Records from a collection:
################
Lemma card_shadow_gt_bin_add1 z q C : 2 <= q -> q < z -> uniform q.+1 C ->
  'C(z, q.+1).+1 < #|C| -> 'C(z, q) + q.+1 <= #|shadow C|.
Proof.
case: z q => [|z] [|q] // q2 qz uC hC.
have [D1 [D0 [u1 u0 cC s1 s0]]] := shadow_split uC.
have := binS z q.+1; have := binS z q.
have [h1|h1] := ltnP 'C(z, q.+1).+1 #|D1|.
  have := @card_shadow_gt_bin z q D1 (ltnW qz) u1 (ltnW h1); lia.
have := @card_shadow_gt_bin z q.+1 D0 qz u0; lia.
Qed.

Lemma card_shadow_ge_bin2 y1 r y2 C : r.+2 <= y2 -> y2 < y1 -> uniform r.+2 C ->
  'C(y1, r.+2) + 'C(y2, r.+1) <= #|C| -> 'C(y1, r.+1) + 'C(y2, r) <= #|shadow C|.
Proof.
elim: y1 r y2 C => [|a IH] r [|b] C // ry2 y12 uC hC.
have [D1 [D0 [u1 u0 cC s1 s0]]] := shadow_split uC.
have := binS a r.+1; have := binS b r.
have [h1|h1] := leqP ('C(a, r.+1) + 'C(b, r)) #|D1|.
  case: r ry2 uC hC u1 u0 h1 => [|r] ry2 uC hC u1 u0 h1.
    have := binS a 0; have := uniform_card_shadow_ge u1; rewrite !bin0 in h1 *; lia.
  have := binS a r.+1; have := binS b r; have := IH r b D1 ry2 y12 u1 h1; lia.
have [rb|eb] : r.+2 <= b \/ b = r.+1 by lia.
  have := IH r b D0 rb y12 u0; lia.
subst b; have := binn r.+1; have := binSn r.
have := @card_shadow_gt_bin a r.+1 D0 (ltnW y12) u0; lia.
Qed.
Lemma proper_subst_at A k B x : x < k -> proper A x -> proper (subst_at k B A) x.
Proof.
  revert k x; induction A; intros k x Hx H; simpl in *.
  - destruct (Nat.eqb_spec n k); [apply proper_liftn; auto|].
    destruct (Nat.ltb_spec k n); simpl; lia.
  - destruct H as [[H1 H2]|H]; [left; auto|right; apply top_variant_subst_at; auto].
  - exact I.
  - destruct H as [H|H]; [left; apply IHA; auto; lia|].
    right. apply (top_variant_subst_at (TMu A) k B H).
Qed.

Lemma is_type_lift A c : is_type A -> is_type (lift c A).
Proof.
  intros H; revert c; induction H; intros c; simpl.
  - destruct (c <=? n); constructor.
  - constructor; auto.
  - constructor; auto.
  - constructor; auto. apply (proper_lift _ (S c) 0); auto.
Qed.

Lemma is_type_liftn k B : is_type B -> is_type (liftn k B).
Proof. induction k; intros; simpl; auto using is_type_lift. Qed.

Lemma is_type_subst_at A k B : is_type A -> is_type B -> is_type (subst_at k B A).
Proof.
  intros H; revert k; induction H; intros k HB; simpl.
  - destruct (n =? k); [apply is_type_liftn; auto|].
    destruct (k <? n); constructor.
  - constructor; auto.
  - constructor; auto.
  - constructor; auto. apply proper_subst_at; auto; lia.
Qed.

Lemma is_type_Top : is_type Top.
Proof. repeat constructor. Qed.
################
What you have to do => Output the data exactly, in full.

Solved problem =>
Lemma card_shadow_gt_bin_add1 z q C : 2 <= q -> q < z -> uniform q.+1 C ->
  'C(z, q.+1).+1 < #|C| -> 'C(z, q) + q.+1 <= #|shadow C|.
Proof.
case: z q => [|z] [|q] // q2 qz uC hC.
have [D1 [D0 [u1 u0 cC s1 s0]]] := shadow_split uC.
have := binS z q.+1; have := binS z q.
have [h1|h1] := ltnP 'C(z, q.+1).+1 #|D1|.
  have := @card_shadow_gt_bin z q D1 (ltnW qz) u1 (ltnW h1); lia.
have := @card_shadow_gt_bin z q.+1 D0 qz u0; lia.
Qed.

Lemma card_shadow_ge_bin2 y1 r y2 C : r.+2 <= y2 -> y2 < y1 -> uniform r.+2 C ->
  'C(y1, r.+2) + 'C(y2, r.+1) <= #|C| -> 'C(y1, r.+1) + 'C(y2, r) <= #|shadow C|.
Proof.
elim: y1 r y2 C => [|a IH] r [|b] C // ry2 y12 uC hC.
have [D1 [D0 [u1 u0 cC s1 s0]]] := shadow_split uC.
have := binS a r.+1; have := binS b r.
have [h1|h1] := leqP ('C(a, r.+1) + 'C(b, r)) #|D1|.
  case: r ry2 uC hC u1 u0 h1 => [|r] ry2 uC hC u1 u0 h1.
    have := binS a 0; have := uniform_card_shadow_ge u1; rewrite !bin0 in h1 *; lia.
  have := binS a r.+1; have := binS b r; have := IH r b D1 ry2 y12 u1 h1; lia.
have [rb|eb] : r.+2 <= b \/ b = r.+1 by lia.
  have := IH r b D0 rb y12 u0; lia.
subst b; have := binn r.+1; have := binSn r.
have := @card_shadow_gt_bin a r.+1 D0 (ltnW y12) u0; lia.
Qed.
Lemma proper_subst_at A k B x : x < k -> proper A x -> proper (subst_at k B A) x.
Proof.
  revert k x; induction A; intros k x Hx H; simpl in *.
  - destruct (Nat.eqb_spec n k); [apply proper_liftn; auto|].
    destruct (Nat.ltb_spec k n); simpl; lia.
  - destruct H as [[H1 H2]|H]; [left; auto|right; apply top_variant_subst_at; auto].
  - exact I.
  - destruct H as [H|H]; [left; apply IHA; auto; lia|].
    right. apply (top_variant_subst_at (TMu A) k B H).
Qed.

Lemma is_type_lift A c : is_type A -> is_type (lift c A).
Proof.
  intros H; revert c; induction H; intros c; simpl.
  - destruct (c <=? n); constructor.
  - constructor; auto.
  - constructor; auto.
  - constructor; auto. apply (proper_lift _ (S c) 0); auto.
Qed.

Lemma is_type_liftn k B : is_type B -> is_type (liftn k B).
Proof. induction k; intros; simpl; auto using is_type_lift. Qed.

Lemma is_type_subst_at A k B : is_type A -> is_type B -> is_type (subst_at k B A).
Proof.
  intros H; revert k; induction H; intros k HB; simpl.
  - destruct (n =? k); [apply is_type_liftn; auto|].
    destruct (k <? n); constructor.
  - constructor; auto.
  - constructor; auto.
  - constructor; auto. apply proper_subst_at; auto; lia.
Qed.

Lemma is_type_Top : is_type Top.
Proof. repeat constructor. Qed.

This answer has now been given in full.